Und was ist mit den Großvätern?
Und was ist nun mit den Großvätern? Sie lassen sich weniger in die Betreuungspflicht nehmen als die Großmütter. Ob sie sich fein raushalten oder ob die Großmütter ihnen die Enkel vorsorglich lieber nicht anvertrauen, harrt noch der Aufklärung. Gleichmäßig scheint der Enkelbetreuungsjob jedenfalls nicht verteilt zu sein, obwohl mir gesprächsweise auch einige Vorzeige-Opas im Dauereinsatz angepriesen wurden. Ein Fall von Verteilungsungerechtigkeit? Die Omaemanzipation hat noch viel zu tun.

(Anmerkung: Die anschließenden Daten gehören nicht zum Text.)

(* Let $\mathcal{P}$ be a profile of unrooted phylogenetic trees whose display graph $G(\mathcal{P})$ is connected, and let $F_1,F_2$ be two parallel nice minimal cuts of $G(\mathcal{P})$. Then the splits $\sigma(F_1)$ and $\sigma(F_2)$ are compatible.
   Context: A phylogenetic tree $T$ is an unrooted tree whose leaves are bijectively labeled by $\mathcal{L}(T)$ (leaves identified with labels; internal vertices have degree at least three). A profile $\mathcal{P}=\{T_1,\dots,T_k\}$ is a finite collection of phylogenetic trees, $\mathcal{L}(\mathcal{P})=\bigcup_i\mathcal{L}(T_i)$; internal vertices of distinct trees are disjoint, while leaves with the same label are the same vertex. The display graph $G(\mathcal{P})$ has vertex set $\bigcup_i V(T_i)$ and edge set $\bigcup_i E(T_i)$. For a vertex $u$ of an input tree, $\mathrm{Inc}(u)$ is the set of edges of $G(\mathcal{P})$ incident with $u$. A cut of a connected graph $G$ is $F\subseteq E(G)$ with $G-F$ disconnected; minimal if no proper subset is a cut. Minimal cuts $F,F'$ are parallel if $G-F$ has at most one component $H$ with $E(H)\cap F'\neq\emptyset$. A cut $F$ of $G(\mathcal{P})$ is legal if for every $T\in\mathcal{P}$ there is $u\in V(T)$ with $F\cap E(T)\subseteq\mathrm{Inc}(u)$; nice if legal and every component of $G(\mathcal{P})-F$ contains at least one edge. For a nice minimal cut $F$ with components $G_1,G_2$ of $G(\mathcal{P})-F$, $\sigma(F)=\mathcal{L}(G_1)|\mathcal{L}(G_2)$, where $\mathcal{L}(G_i)$ is the set of leaves in $G_i$; this is a bipartition of $\mathcal{L}(\mathcal{P})$ into nonempty sets (a split). Two splits $A_1|A_2$ and $B_1|B_2$ are compatible if some phylogenetic tree displays both, equivalently if at least one of $A_i\cap B_j$ ($i,j\in\{1,2\}$) is empty. *)

(* Graphs over a finite ambient vertex type V;
   an edge is a 2-element subset of V. *)
From mathcomp Require Import all_boot.
Set Implicit Arguments. Unset Strict Implicit. Unset Printing Implicit Defensive.

Section Defs.
Variable V : finType.

Definition adj (W : {set V}) (E : {set {set V}}) : rel V :=
  fun x y => [&& x \in W, y \in W, x != y & [set x; y] \in E].

Definition connectedb (W : {set V}) (E : {set {set V}}) : bool :=
  [forall x in W, forall y in W, connect (adj W E) x y].

Definition comp (W : {set V}) (E : {set {set V}}) (x : V) : {set V} :=
  [set y in W | connect (adj W E) x y].

Definition inner_edges (E : {set {set V}}) (H : {set V}) : {set {set V}} :=
  [set e in E | e \subset H].

Definition deg (E : {set {set V}}) (v : V) : nat := #|[set e in E | v \in e]|.

Definition Inc (E : {set {set V}}) (u : V) : {set {set V}} := [set e in E | u \in e].

(* unrooted phylogenetic tree: a (nonempty, simple) tree whose vertices of
   degree >= 2 (internal vertices) have degree >= 3 *)
Definition is_phylo_tree (VT : {set V}) (ET : {set {set V}}) : Prop :=
  [/\ VT != set0,
      (forall e, e \in ET -> (e \subset VT) && (#|e| == 2)),
      connectedb VT ET,
      (forall e, e \in ET -> ~~ connectedb VT (ET :\ e)) (* acyclic *)
    & (forall v, v \in VT -> deg ET v != 2)].

Definition leaves (VT : {set V}) (ET : {set {set V}}) : {set V} :=
  [set v in VT | deg ET v <= 1].

Definition is_profile (k : nat) (VT : 'I_k -> {set V}) (ET : 'I_k -> {set {set V}}) : Prop :=
  (forall i, is_phylo_tree (VT i) (ET i)) /\
  (forall i j, i != j ->
     VT i :&: VT j \subset leaves (VT i) (ET i) :&: leaves (VT j) (ET j)).

Definition dgV (k : nat) (VT : 'I_k -> {set V}) : {set V} := \bigcup_i VT i.
Definition dgE (k : nat) (ET : 'I_k -> {set {set V}}) : {set {set V}} := \bigcup_i ET i.
Definition profile_leaves (k : nat) (VT : 'I_k -> {set V}) (ET : 'I_k -> {set {set V}})
  : {set V} := \bigcup_i leaves (VT i) (ET i).

Definition is_cut (W : {set V}) (E F : {set {set V}}) : Prop :=
  F \subset E /\ ~~ connectedb W (E :\: F).

Definition is_minimal_cut (W : {set V}) (E F : {set {set V}}) : Prop :=
  is_cut W E F /\ (forall F' : {set {set V}}, F' \proper F -> ~ is_cut W E F').

Definition parallel (W : {set V}) (E F F' : {set {set V}}) : Prop :=
  forall x y, x \in W -> y \in W ->
    inner_edges (E :\: F) (comp W (E :\: F) x) :&: F' != set0 ->
    inner_edges (E :\: F) (comp W (E :\: F) y) :&: F' != set0 ->
    comp W (E :\: F) x = comp W (E :\: F) y.

Definition legal (k : nat) (VT : 'I_k -> {set V}) (ET : 'I_k -> {set {set V}})
  (F : {set {set V}}) : Prop :=
  forall i, exists2 u, u \in VT i & F :&: ET i \subset Inc (dgE ET) u.

Definition nice (k : nat) (VT : 'I_k -> {set V}) (ET : 'I_k -> {set {set V}})
  (F : {set {set V}}) : Prop :=
  [/\ is_cut (dgV VT) (dgE ET) F, legal VT ET F &
      forall x, x \in dgV VT ->
        inner_edges (dgE ET :\: F) (comp (dgV VT) (dgE ET :\: F) x) != set0].

Definition sigma (k : nat) (VT : 'I_k -> {set V}) (ET : 'I_k -> {set {set V}})
  (F : {set {set V}}) : {set {set V}} :=
  [set profile_leaves VT ET :&: comp (dgV VT) (dgE ET :\: F) x | x in dgV VT].

Definition compatible (S1 S2 : {set {set V}}) : Prop :=
  exists A B, [/\ A \in S1, B \in S2 & A :&: B = set0].

End Defs.

From Pilot Require Import Defs.
From mathcomp Require Import all_boot.

(* Since F1 is a cut, G - F1 has at least two components, and as F1 and F2
   are parallel at most one of them contains an edge of F2.  Any other
   component C1 therefore stays connected in G - F2, so it lies inside a
   single component C2 of G - F2; since F2 is a cut, G - F2 has a further
   component D2, disjoint from C2.  The part of sigma(F1) read off C1 and the
   part of sigma(F2) read off D2 are then disjoint. *)

Set Implicit Arguments.
Unset Strict Implicit.
Unset Printing Implicit Defensive.

Section Components.
Variables (V : finType) (W : {set V}).
Implicit Types (E : {set {set V}}) (x y : V).

Lemma adj_sym E : symmetric (adj W E).
Proof.
move=> x y; rewrite /adj; apply/and4P/and4P => -[xW yW xy e]; split => //;
  by [rewrite eq_sym | rewrite setUC].
Qed.

Lemma connect_adj_sym E : connect_sym (adj W E).
Proof. exact/sym_connect_sym/adj_sym. Qed.

Lemma mem_comp E x y : (y \in Defs.comp W E x) = (y \in W) && connect (adj W E) x y.
Proof. by rewrite inE. Qed.

Lemma comp_id E x : x \in W -> x \in Defs.comp W E x.
Proof. by move=> xW; rewrite mem_comp xW connect0. Qed.

Lemma disjoint_comp E x y :
  ~~ connect (adj W E) x y -> Defs.comp W E x :&: Defs.comp W E y = set0.
Proof.
move=> nxy; apply/setP => z; rewrite !inE; apply/negP => /andP [/andP [_ xz] /andP [_ yz]].
by move: nxy; rewrite (connect_trans xz) // connect_adj_sym.
Qed.

Lemma not_connectedbP E :
  ~~ connectedb W E ->
  exists x y, [/\ x \in W, y \in W & ~~ connect (adj W E) x y].
Proof.
rewrite /connectedb negb_forall => /existsP [x].
rewrite negb_imply negb_forall => /andP [xW /existsP [y]].
by rewrite negb_imply => /andP [yW nxy]; exists x, y.
Qed.

Lemma not_connectedb_from E x :
  ~~ connectedb W E -> exists2 y, y \in W & ~~ connect (adj W E) x y.
Proof.
case/not_connectedbP => [u [v [uW vW nuv]]].
have [xu|] := boolP (connect (adj W E) x u); last by exists u.
have [xv|] := boolP (connect (adj W E) x v); last by exists v.
by move: nuv; rewrite (connect_trans _ xv) // connect_adj_sym.
Qed.

(* Every edge of a path starting at x lies inside the component of x. *)
Lemma comp_subset E1 E2 x :
  inner_edges E1 (Defs.comp W E1 x) \subset E2 -> Defs.comp W E1 x \subset Defs.comp W E2 x.
Proof.
move=> inner12; apply/subsetP => z /[!mem_comp] /andP [zW /connectP [p pth zp]].
rewrite zW zp; suff: forall u, connect (adj W E1) x u -> path (adj W E1) u p ->
    connect (adj W E2) u (last u p) by apply; rewrite ?connect0.
elim: p {pth zW zp} => [|v p IH] u xu /=; first by rewrite connect0.
case/andP=> uv vp; have xv := connect_trans xu (connect1 uv).
apply: connect_trans (IH v xv vp); apply: connect1.
move: uv => /and4P [uW vW uv e]; rewrite /adj uW vW uv /=.
apply: (subsetP inner12); rewrite inE e; apply/subsetP => w.
by rewrite !inE => /orP [] /eqP ->; rewrite ?uW ?vW.
Qed.

End Components.

Lemma parallel_comp_free (V : finType) (W : {set V}) (E F1 F2 : {set {set V}}) :
  is_cut W E F1 -> parallel W E F1 F2 ->
  exists2 x, x \in W & inner_edges (E :\: F1) (Defs.comp W (E :\: F1) x) :&: F2 = set0.
Proof.
move=> [_ cutF1] par; have [a [b [aW bW nab]]] := not_connectedbP cutF1.
have [Ha|Ha] := eqVneq (inner_edges (E :\: F1) (Defs.comp W (E :\: F1) a) :&: F2) set0.
  by exists a.
have [Hb|Hb] := eqVneq (inner_edges (E :\: F1) (Defs.comp W (E :\: F1) b) :&: F2) set0.
  by exists b.
have := comp_id (E :\: F1) bW; rewrite -(par a b aW bW Ha Hb) mem_comp.
by rewrite bW (negbTE nab).
Qed.

Lemma inner_edges_setD_subset (V : finType) (E F1 F2 : {set {set V}}) (H : {set V}) :
  inner_edges (E :\: F1) H :&: F2 = set0 -> inner_edges (E :\: F1) H \subset E :\: F2.
Proof.
move=> free; apply/subsetP => e eH; have /setIdP [/setDP [eE _] _] := eH.
rewrite inE eE andbT; apply/negP => eF2.
by have := in_set0 e; rewrite -free inE eH eF2.
Qed.

Theorem lemma11 (V : finType) (k : nat)
    (VT : 'I_k -> {set V}) (ET : 'I_k -> {set {set V}})
    (F1 F2 : {set {set V}}) :
  is_profile VT ET ->
  connectedb (dgV VT) (dgE ET) ->
  nice VT ET F1 -> is_minimal_cut (dgV VT) (dgE ET) F1 ->
  nice VT ET F2 -> is_minimal_cut (dgV VT) (dgE ET) F2 ->
  parallel (dgV VT) (dgE ET) F1 F2 ->
  compatible (sigma VT ET F1) (sigma VT ET F2).
Proof.
move=> _ _ [cutF1 _ _] _ [[_ cutF2] _ _] _ par.
set W := dgV VT; set E := dgE ET; set L := profile_leaves VT ET.
have [x xW free] := parallel_comp_free cutF1 par.
have [y yW nxy] := not_connectedb_from x cutF2.
have sub12 := comp_subset (inner_edges_setD_subset free).
exists (L :&: Defs.comp W (E :\: F1) x), (L :&: Defs.comp W (E :\: F2) y); split.
- by apply/imsetP; exists x.
- by apply/imsetP; exists y.
apply/setP => z; rewrite inE in_set0; apply/negP => /andP [/setIP [_ z1] /setIP [_ z2]].
have : z \in Defs.comp W (E :\: F2) x :&: Defs.comp W (E :\: F2) y.
  by rewrite inE (subsetP sub12 _ z1) z2.
by rewrite disjoint_comp // in_set0.
Qed.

Aber immerhin: Indirekt sind auch die Opas nützlich. Eine Untersuchung des »Max-Planck-Instituts für demographische Forschung« in Rostock hat herausgefunden: Ein Jahr nachdem Großväter in Deutschland in Frührente gehen, steigt die Wahrscheinlichkeit, dass ihre Kinder, also die Elterngeneration, ein zweites Kind bekommen um 17 Prozentpunkte. So sind also auch die Opas daran beteiligt, dass die Fertilitätsrate hierzulande nicht noch weiter absackt. Der Renteneintritt der Großväter habe sogar größeren Einfluss auf die Familienplanung der Elterngeneration als der Renteneintritt der Großmütter, sagen die Max-Planck-Forscher – freilich bloß deshalb, weil die Großmütter häufig Teilzeit arbeiten und schon vor der fälschlich Ruhestand genannten Lebensphase viel Zeit für die Betreuung der Enkel aufbringen.Wie kommt es, dass über die gesellschaftliche Leistung der Großmütter für den sozialen Zusammenhang im Land öffentlich kaum geredet und geforscht wird? Diese Leistungen gibt es sozusagen frei Haus. Die Großeltern verlangen kein Enkelbetreuungsgeld vom Staat, was die Schuldenquote des Finanzministers schont. Sie beschweren sich generell nicht (oder nur selten). Als ob Familienpolitik, Vereinbarkeitskonzepte oder Arbeitsmarktpartizipation immer nur vom Staat initiiert und bezahlt werden müssten! Die Politik ist hier gerade einmal nicht gefordert. Sie müsste lediglich gelegentlich die Leistung dieser Großeltern loben und preisen.